I have a chronic case of Walter Mitty syndrome. I’m the type of person that spends an unreasonable amount of time during each day imagining himself plunged into extreme circumstances. Any time I walk outside with my children, I look up to the sky to see if a giant alien ship has stationed itself above my house. Any time I go to Target, I take note of which items I could use as weapons should a zombie apocalypse strike and then the entire store becomes a stronghold for the last of the uninfected. Any time I get on an airplane, I think about crashing in the ocean and being lost at sea for years, teaching myself to fish using only the stitching of my wallet. I am
constantly
foiling imaginary bank robbers and sexual predators. I waste hours every day envisioning a life far more dramatic, far more macho, than the sedate circumstances in which I usually exist.
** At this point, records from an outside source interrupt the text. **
Lemma perles_rows_size : sumn (map size perles_rows) = 120%N.
Proof. by []. Qed.
Arguments perles_slack_ideal K : clear implicits.
Arguments perles_slack K : clear implicits.

From HB Require Import structures.
From mathcomp Require Import all_boot all_order all_algebra.
From mathcomp Require Import complex.
From mathcomp Require Import reals.
From mathcomp Require Import mpoly.
From mathcomp Require Import ring.
Set Implicit Arguments. Unset Strict Implicit. Unset Printing Implicit Defensive.
Local Open Scope ring_scope.
Import GRing.Theory Num.Theory.

(* Write t1 = x18 x34 x48 and t3 = x20 x37 x46 (variables numbered from 0).
   Seven 10-minors of S are monomials times binomials or trinomials; since the
   saturation allows monomial factors to be cancelled, combining them puts
   q = t3^2 - t3 t1 - t1^2 into the slack ideal.  If r^2 = r + 1 then also
   (1 - r)^2 = (1 - r) + 1 and q = (t3 - r t1) (t3 - (1 - r) t1).  Neither
   factor is in the ideal: for each root r there is a point with nonzero
   coordinates in Z[r] at which S is a 12 x 9 times 9 x 34 product, so every
   10-minor, hence the whole slack ideal, vanishes there, while t3 - (1 - r) t1
   does not. *)

Section IdealGen.
Variables (T : comRingType) (G : T -> Prop).

Lemma ideal_gen_mem g : G g -> ideal_gen G g.
Proof.
by move=> Gg; exists [:: (1, g)]; split=> [c|]; rewrite ?big_seq1 ?mul1r // inE => /eqP ->.
Qed.

Lemma ideal_gen_add p q : ideal_gen G p -> ideal_gen G q -> ideal_gen G (p + q).
Proof.
move=> [s [sG ->]] [s' [s'G ->]]; exists (s ++ s'); split; last by rewrite big_cat.
by move=> c; rewrite mem_cat => /orP[/sG | /s'G].
Qed.

Lemma ideal_gen_mull r p : ideal_gen G p -> ideal_gen G (r * p).
Proof.
move=> [s [sG ->]]; exists [seq (r * c.1, c.2) | c <- s]; split.
  by move=> c /mapP[c' /sG Gc' ->].
by rewrite big_map mulr_sumr; apply: eq_bigr => c _; rewrite mulrA.
Qed.

Variable u : T.
Local Notation I := (saturation (ideal_gen G) u).

Lemma saturation_mem p : ideal_gen G p -> I p.
Proof. by exists 0%N; rewrite expr0 mul1r. Qed.

Lemma saturation_add p q : I p -> I q -> I (p + q).
Proof.
move=> [m Ip] [n Iq]; exists (m + n)%N.
have -> : u ^+ (m + n) * (p + q) = u ^+ n * (u ^+ m * p) + u ^+ m * (u ^+ n * q).
  by rewrite exprD; ring.
by apply: ideal_gen_add; apply: ideal_gen_mull.
Qed.

Lemma saturation_mull r p : I p -> I (r * p).
Proof.
move=> [n Ip]; exists n.
by rewrite mulrCA; apply: ideal_gen_mull.
Qed.

Lemma saturation_divisor v w p : u = v * w -> I (v * p) -> I p.
Proof.
move=> uvw [n Ivp]; exists n.+1.
have -> : u ^+ n.+1 * p = w * (u ^+ n * (v * p)) by rewrite exprSr uvw; ring.
exact: ideal_gen_mull.
Qed.

End IdealGen.

Lemma saturation_eval_eq0 (T : comRingType) (F : idomainType)
    (phi : {rmorphism T -> F}) (G : T -> Prop) (u p : T) :
  (forall g, G g -> phi g = 0) -> phi u != 0 ->
  saturation (ideal_gen G) u p -> phi p = 0.
Proof.
move=> phiG phiu [n [s [sG snp]]].
have : phi (u ^+ n * p) = 0.
  rewrite snp rmorph_sum big1_seq // => c /andP[_ /sG /phiG phic].
  by rewrite rmorphM phic mulr0.
by rewrite rmorphM rmorphXn => /eqP; rewrite mulf_eq0 expf_eq0 (negbTE phiu) andbF => /eqP.
Qed.

Lemma det_mxsub_mul_eq0 (F : fieldType) m n r k (A : 'M[F]_(m, r))
    (B : 'M[F]_(r, n)) (f : 'I_k -> 'I_m) (g : 'I_k -> 'I_n) :
  (r < k)%N -> \det (mxsub f g (A *m B)) = 0.
Proof.
move=> ltrk; apply/eqP; apply: contraTT ltrk; rewrite mxsub_mul -leqNgt => detN0.
have /mxrank_unit <- : rowsub f A *m colsub g B \in unitmx by rewrite unitmxE unitfE.
exact: leq_trans (mxrankM_maxl _ _) (rank_leq_col _).
Qed.

Definition minor_table (i : nat) (rs : seq (seq (option nat))) :=
  [seq behead r | r <- take i rs ++ drop i.+1 rs].

(* A table [rs] stands for the matrix with entry [x k] at (i, j) when
   [nth None (nth [::] rs i) j = Some k], and 0 otherwise.  [table_det] expands
   its determinant along the first column into a list of signed monomials. *)
Fixpoint table_det (n : nat) (rs : seq (seq (option nat))) : seq (bool * seq nat) :=
  if n is n'.+1 then
    flatten [seq if head None (nth [::] rs i) is Some v then
                   [seq (odd i (+) t.1, v :: t.2) | t <- table_det n' (minor_table i rs)]
                 else [::] | i <- iota 0 n]
  else [:: (false, [::])].

Lemma nth_minor_table i rs k :
  nth [::] (minor_table i rs) k = behead (nth [::] rs (bump i k)).
Proof.
have nth_map_behead s m : nth [::] (map behead s) m = behead (nth [::] s m).
  by elim: s m => [|r s IHs] [|m] //=.
rewrite /minor_table nth_map_behead; congr behead.
elim: rs i k => [|r rs IHrs] [|i] [|k] //=; rewrite ?nth_nil ?drop0 //.
by rewrite bumpS IHrs.
Qed.

Section TableDeterminant.
Variables (R : comRingType) (x : nat -> R).

Definition monomial (l : seq nat) : R := \prod_(k <- l) x k.

Definition signed_sum (l : seq (bool * seq nat)) : R :=
  \sum_(t <- l) (-1) ^+ t.1 * monomial t.2.

Definition table_entry (o : option nat) : R := if o is Some k then x k else 0.

Definition table_mx n (rs : seq (seq (option nat))) : 'M[R]_n :=
  \matrix_(i, j) table_entry (nth None (nth [::] rs i) j).

Lemma table_mx_minor n rs (i : 'I_n.+1) :
  row' i (col' ord0 (table_mx n.+1 rs)) = table_mx n (minor_table i rs).
Proof. by apply/matrixP => k l; rewrite !mxE nth_minor_table nth_behead. Qed.

Lemma table_detE n rs : signed_sum (table_det n rs) = \det (table_mx n rs).
Proof.
elim: n rs => [|n IHn] rs.
  by rewrite det_mx00 /signed_sum /monomial big_seq1 big_nil mulr1.
rewrite (expand_det_col _ ord0) /signed_sum big_flatten big_map.
have -> : iota 0 n.+1 = index_iota 0 n.+1 by rewrite /index_iota subn0.
rewrite big_mkord.
apply: eq_bigr => i _; rewrite /cofactor table_mx_minor -IHn mxE nth0.
case: (head None (nth [::] rs i)) => [v|]; last by rewrite big_nil mul0r.
rewrite big_map /signed_sum !mulr_sumr; apply: eq_bigr => t _ /=.
by rewrite /monomial big_cons signr_addb signr_odd addn0; ring.
Qed.

End TableDeterminant.

Lemma grid_all m n (P : nat -> nat -> bool) :
  all (fun a => all (P a) (iota 0 n)) (iota 0 m) ->
  forall a b, (a < m)%N -> (b < n)%N -> P a b.
Proof.
move=> /allP Pmn a b am bn.
have /allP Pa : all (P a) (iota 0 n) by apply: Pmn; rewrite mem_iota.
by apply: Pa; rewrite mem_iota.
Qed.

Definition in_support (a b : nat) : bool := b.+1 \in nth [::] perles_rows a.

Definition var_index (i j : nat) : nat :=
  sumn [seq sumn [seq nat_of_bool [&& in_support a c & (a < i) || (a == i) && (c < j)]%N
                 | c <- iota 0 34] | a <- iota 0 12].

Definition slack_var (a b : nat) : option nat :=
  if in_support a b then Some (var_index a b) else None.

Lemma perles_var_indexE (i : 'I_12) (j : 'I_34) : perles_var_index i j = var_index i j.
Proof.
have sum_iota n (F : nat -> nat) : (\sum_(k < n) F k)%N = sumn [seq F k | k <- iota 0 n].
  by rewrite sumnE big_map -(big_mkord xpredT) /index_iota subn0.
rewrite /perles_var_index (sum_iota 12 (fun a => \sum_(c < 34)
  nat_of_bool [&& in_support a c & (a < i) || (a == i) && (c < j)])%N).
congr sumn; apply: eq_map => a.
by rewrite (sum_iota 34 (fun c =>
  nat_of_bool [&& in_support a c & (a < i) || (a == i) && (c < j)])%N).
Qed.

Lemma var_index_lt a b :
  (a < 12)%N -> (b < 34)%N -> in_support a b -> (var_index a b < 120)%N.
Proof.
move=> am bn; apply/implyP; move: a b am bn.
by apply: grid_all; vm_compute.
Qed.

Definition slack_table (rl cl : seq nat) : seq (seq (option nat)) :=
  [seq [seq slack_var a b | b <- cl] | a <- rl].

Section SlackIdeal.
Variable K : comRingType.
Local Notation I := (perles_slack_ideal K).

Definition xvar (k : nat) : {mpoly K[120]} := 'X_(inord k).
Local Notation x := xvar.

Lemma perles_slackE a b : (a < 12)%N -> (b < 34)%N ->
  perles_slack K (inord a) (inord b) = table_entry x (slack_var a b).
Proof.
move=> am bn; rewrite mxE /perles_supp /slack_var /in_support !inordK //.
by case: ifP => // ab_supp; rewrite perles_var_indexE (inordK am) (inordK bn).
Qed.

Lemma slack_ideal_minor rl cl :
  size rl = 10%N -> size cl = 10%N -> uniq rl -> uniq cl ->
  all (fun a => a < 12)%N rl -> all (fun b => b < 34)%N cl ->
  I (signed_sum x (table_det 10 (slack_table rl cl))).
Proof.
move=> rl10 cl10 rl_uniq cl_uniq rl12 cl34.
have rl_lt (i : 'I_10) : (nth 0%N rl i < 12)%N.
  by apply: (allP rl12); rewrite mem_nth ?rl10.
have cl_lt (i : 'I_10) : (nth 0%N cl i < 34)%N.
  by apply: (allP cl34); rewrite mem_nth ?cl10.
pose f (i : 'I_10) : 'I_12 := inord (nth 0%N rl i).
pose g (i : 'I_10) : 'I_34 := inord (nth 0%N cl i).
apply/saturation_mem/ideal_gen_mem; exists f, g; split.
- move=> i j /(congr1 (@nat_of_ord _)); rewrite /f !inordK // => /eqP.
  by rewrite nth_uniq ?rl10 // => /eqP/val_inj.
- move=> i j /(congr1 (@nat_of_ord _)); rewrite /g !inordK // => /eqP.
  by rewrite nth_uniq ?cl10 // => /eqP/val_inj.
rewrite table_detE; congr (\det _); apply/matrixP => i j.
by rewrite [LHS]mxE [RHS]mxE perles_slackE // !(nth_map 0%N) ?rl10 ?cl10.
Qed.

Lemma slack_ideal_monomial_cancel l p : I (monomial x l * p) -> I p.
Proof.
elim: l p => [|k l IHl] p; first by rewrite /monomial big_nil mul1r.
rewrite /monomial big_cons -mulrA => /saturation_divisor Ip; apply/IHl/Ip.
by rewrite (bigD1 (inord k)).
Qed.

Lemma slack_ideal_minor_factor rl cl l p :
  size rl = 10%N -> size cl = 10%N -> uniq rl -> uniq cl ->
  all (fun a => a < 12)%N rl -> all (fun b => b < 34)%N cl ->
  signed_sum x (table_det 10 (slack_table rl cl)) = monomial x l * p -> I p.
Proof.
move=> rl10 cl10 rl_uniq cl_uniq rl12 cl34 detE.
by apply: (slack_ideal_monomial_cancel (l := l)); rewrite -detE; apply: slack_ideal_minor.
Qed.

(* [ring] is much faster once the variables ['X_(inord k)] are abstracted. *)
Ltac ring_vars := move: xvar => ?; ring.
That’s part of the reason why I wanted to start a family. When you start a family, you’re signing up for drama. You’re signing up for worry. You’re signing up for life-and-death. You’re signing up for a life that means something more, even if it isn’t as fun a life as when you were single and drinking shots of Fire Water in the Giants Stadium parking lot. Kids make your life significant. They give your life a spine. On some twisted level, I was signing up for a moment such as this: to be there waiting and weeping as I clutched my fists and begged for my son to be all right. But now that it was here, now that it was so sickeningly real, I knew I wanted no part of such cinematic moments. I just wanted life to become normal again. Uneventful. Boring. I wanted to go back to the intensely aggravating march of daily existence. I wanted my son to live so that he could grow up to annoy the shit out of me. People tell you that you should never take life for granted but that’s wrong, because taking life for granted is an encouraging sign that your life is going well. I wanted
that
.
I took the receiver from the receptionist and braced myself.